From the entries below, transcribe exactly the lines between the line holding "Proof. by rewrite /level4 ba eqxx. Qed." and the line holding "Let level4E := (level4_a, level4_b, level4_p, level4_q).", inclusive; skip all other lines.

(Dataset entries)
---*---

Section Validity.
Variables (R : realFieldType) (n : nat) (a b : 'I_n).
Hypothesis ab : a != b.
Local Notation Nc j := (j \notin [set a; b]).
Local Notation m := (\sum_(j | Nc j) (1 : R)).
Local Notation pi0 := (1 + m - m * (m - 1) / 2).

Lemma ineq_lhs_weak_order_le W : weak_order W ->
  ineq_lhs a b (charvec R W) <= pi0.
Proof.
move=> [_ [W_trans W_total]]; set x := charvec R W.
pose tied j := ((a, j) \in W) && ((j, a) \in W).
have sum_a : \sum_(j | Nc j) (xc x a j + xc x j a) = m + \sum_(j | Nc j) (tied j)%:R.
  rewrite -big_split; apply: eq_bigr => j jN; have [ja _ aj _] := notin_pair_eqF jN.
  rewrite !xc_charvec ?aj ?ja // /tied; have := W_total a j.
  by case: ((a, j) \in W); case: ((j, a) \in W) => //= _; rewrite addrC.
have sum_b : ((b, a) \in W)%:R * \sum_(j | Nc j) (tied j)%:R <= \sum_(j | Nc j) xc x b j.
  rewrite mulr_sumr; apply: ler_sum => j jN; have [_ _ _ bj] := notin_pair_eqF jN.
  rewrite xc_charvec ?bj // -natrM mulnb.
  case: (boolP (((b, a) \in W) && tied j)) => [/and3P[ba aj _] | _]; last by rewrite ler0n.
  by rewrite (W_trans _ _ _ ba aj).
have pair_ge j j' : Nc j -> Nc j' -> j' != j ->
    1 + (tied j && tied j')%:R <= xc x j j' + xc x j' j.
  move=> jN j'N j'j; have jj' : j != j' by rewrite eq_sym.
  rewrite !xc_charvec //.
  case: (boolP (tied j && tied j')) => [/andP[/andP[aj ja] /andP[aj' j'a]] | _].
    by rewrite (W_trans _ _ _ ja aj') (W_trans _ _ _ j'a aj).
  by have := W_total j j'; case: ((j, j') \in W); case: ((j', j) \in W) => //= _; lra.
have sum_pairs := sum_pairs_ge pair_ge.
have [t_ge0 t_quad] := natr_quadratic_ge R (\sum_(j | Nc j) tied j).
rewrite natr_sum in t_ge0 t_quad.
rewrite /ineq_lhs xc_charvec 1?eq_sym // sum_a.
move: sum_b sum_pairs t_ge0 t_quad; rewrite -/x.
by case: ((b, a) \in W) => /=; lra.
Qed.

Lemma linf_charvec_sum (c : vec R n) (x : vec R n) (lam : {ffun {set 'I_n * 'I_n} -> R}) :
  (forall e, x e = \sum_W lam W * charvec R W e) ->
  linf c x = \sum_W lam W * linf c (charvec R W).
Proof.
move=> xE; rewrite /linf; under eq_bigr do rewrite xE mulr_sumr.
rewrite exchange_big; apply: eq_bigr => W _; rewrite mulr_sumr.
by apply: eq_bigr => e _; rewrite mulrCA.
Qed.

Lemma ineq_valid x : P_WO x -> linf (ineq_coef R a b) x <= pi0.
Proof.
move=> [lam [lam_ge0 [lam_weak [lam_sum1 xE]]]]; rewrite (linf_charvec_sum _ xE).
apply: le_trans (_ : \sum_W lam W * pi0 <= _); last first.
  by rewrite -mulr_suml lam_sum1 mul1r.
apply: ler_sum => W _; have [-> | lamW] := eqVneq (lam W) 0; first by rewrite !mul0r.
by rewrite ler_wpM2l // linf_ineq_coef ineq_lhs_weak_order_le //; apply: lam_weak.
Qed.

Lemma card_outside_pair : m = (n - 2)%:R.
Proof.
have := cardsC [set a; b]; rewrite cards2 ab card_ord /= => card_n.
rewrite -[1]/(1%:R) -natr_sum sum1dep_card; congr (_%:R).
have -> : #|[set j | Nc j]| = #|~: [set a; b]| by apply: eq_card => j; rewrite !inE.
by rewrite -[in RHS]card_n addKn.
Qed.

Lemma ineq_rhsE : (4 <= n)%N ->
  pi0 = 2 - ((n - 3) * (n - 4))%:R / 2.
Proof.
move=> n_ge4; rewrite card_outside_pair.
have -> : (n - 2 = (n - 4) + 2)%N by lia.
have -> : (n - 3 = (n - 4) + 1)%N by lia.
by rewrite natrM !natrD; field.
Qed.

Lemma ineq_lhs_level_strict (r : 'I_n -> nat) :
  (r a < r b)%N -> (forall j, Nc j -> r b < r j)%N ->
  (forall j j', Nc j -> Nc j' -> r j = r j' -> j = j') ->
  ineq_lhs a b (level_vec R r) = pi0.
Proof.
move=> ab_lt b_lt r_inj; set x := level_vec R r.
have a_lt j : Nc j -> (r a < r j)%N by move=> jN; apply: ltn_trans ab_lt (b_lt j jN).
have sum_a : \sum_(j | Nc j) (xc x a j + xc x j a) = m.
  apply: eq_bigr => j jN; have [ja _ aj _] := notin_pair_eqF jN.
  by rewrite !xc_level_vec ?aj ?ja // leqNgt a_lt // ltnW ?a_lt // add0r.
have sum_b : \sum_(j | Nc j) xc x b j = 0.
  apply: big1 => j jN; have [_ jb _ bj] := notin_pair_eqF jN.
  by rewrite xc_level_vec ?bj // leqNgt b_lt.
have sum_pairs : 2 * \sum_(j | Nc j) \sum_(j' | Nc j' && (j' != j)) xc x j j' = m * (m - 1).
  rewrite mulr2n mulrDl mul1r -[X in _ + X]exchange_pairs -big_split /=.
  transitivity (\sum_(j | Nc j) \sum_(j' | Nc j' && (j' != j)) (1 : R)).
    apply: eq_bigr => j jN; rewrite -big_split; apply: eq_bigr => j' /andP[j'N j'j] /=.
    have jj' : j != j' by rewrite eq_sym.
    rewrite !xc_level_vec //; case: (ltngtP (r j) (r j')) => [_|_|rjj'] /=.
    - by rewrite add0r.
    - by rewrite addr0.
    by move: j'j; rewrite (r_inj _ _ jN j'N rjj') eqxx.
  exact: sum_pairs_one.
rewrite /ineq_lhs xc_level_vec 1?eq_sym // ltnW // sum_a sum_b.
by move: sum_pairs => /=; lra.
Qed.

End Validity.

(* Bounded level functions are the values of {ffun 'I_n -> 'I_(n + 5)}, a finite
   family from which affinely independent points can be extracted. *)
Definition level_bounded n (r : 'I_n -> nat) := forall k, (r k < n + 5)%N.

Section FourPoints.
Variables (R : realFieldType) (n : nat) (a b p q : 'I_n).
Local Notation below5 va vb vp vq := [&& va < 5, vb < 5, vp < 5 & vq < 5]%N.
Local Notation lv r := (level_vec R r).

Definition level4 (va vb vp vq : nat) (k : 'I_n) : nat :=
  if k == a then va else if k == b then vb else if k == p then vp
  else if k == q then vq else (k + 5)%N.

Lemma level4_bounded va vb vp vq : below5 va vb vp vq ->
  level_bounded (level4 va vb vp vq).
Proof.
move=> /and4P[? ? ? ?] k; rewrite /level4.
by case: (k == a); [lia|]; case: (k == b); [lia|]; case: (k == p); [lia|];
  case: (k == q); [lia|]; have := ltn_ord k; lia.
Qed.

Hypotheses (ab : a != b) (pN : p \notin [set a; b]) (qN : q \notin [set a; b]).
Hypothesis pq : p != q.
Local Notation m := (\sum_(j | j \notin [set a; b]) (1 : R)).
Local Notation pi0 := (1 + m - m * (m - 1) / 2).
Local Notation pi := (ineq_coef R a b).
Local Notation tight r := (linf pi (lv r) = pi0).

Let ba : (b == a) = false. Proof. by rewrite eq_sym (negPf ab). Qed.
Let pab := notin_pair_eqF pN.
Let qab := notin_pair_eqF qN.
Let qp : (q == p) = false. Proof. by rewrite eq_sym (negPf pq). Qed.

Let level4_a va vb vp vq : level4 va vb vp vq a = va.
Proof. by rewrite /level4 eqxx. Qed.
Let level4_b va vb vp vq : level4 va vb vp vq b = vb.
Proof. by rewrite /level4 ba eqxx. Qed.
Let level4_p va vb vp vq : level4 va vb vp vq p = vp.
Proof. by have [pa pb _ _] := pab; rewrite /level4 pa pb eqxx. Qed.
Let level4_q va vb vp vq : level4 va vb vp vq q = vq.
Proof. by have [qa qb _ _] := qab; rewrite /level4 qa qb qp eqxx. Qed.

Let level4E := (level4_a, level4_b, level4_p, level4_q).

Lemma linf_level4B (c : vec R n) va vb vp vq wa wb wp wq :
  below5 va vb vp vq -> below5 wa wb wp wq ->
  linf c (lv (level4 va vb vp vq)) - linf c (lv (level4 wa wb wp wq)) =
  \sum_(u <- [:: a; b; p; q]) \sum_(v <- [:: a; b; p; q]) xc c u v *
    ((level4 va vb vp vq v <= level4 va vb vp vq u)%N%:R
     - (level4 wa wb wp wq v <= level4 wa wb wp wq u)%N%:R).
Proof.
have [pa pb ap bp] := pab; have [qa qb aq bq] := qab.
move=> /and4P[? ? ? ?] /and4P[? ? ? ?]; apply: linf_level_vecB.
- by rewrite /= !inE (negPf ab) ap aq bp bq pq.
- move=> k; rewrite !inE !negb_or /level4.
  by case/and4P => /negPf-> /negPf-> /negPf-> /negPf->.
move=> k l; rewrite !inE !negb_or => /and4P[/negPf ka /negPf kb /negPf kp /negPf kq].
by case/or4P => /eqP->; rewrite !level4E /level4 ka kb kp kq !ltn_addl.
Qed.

---*---

-- Result of the task --
Proof. by rewrite /level4 ba eqxx. Qed.
Let level4_p va vb vp vq : level4 va vb vp vq p = vp.
Proof. by have [pa pb _ _] := pab; rewrite /level4 pa pb eqxx. Qed.
Let level4_q va vb vp vq : level4 va vb vp vq q = vq.
Proof. by have [qa qb _ _] := qab; rewrite /level4 qa qb qp eqxx. Qed.

Let level4E := (level4_a, level4_b, level4_p, level4_q).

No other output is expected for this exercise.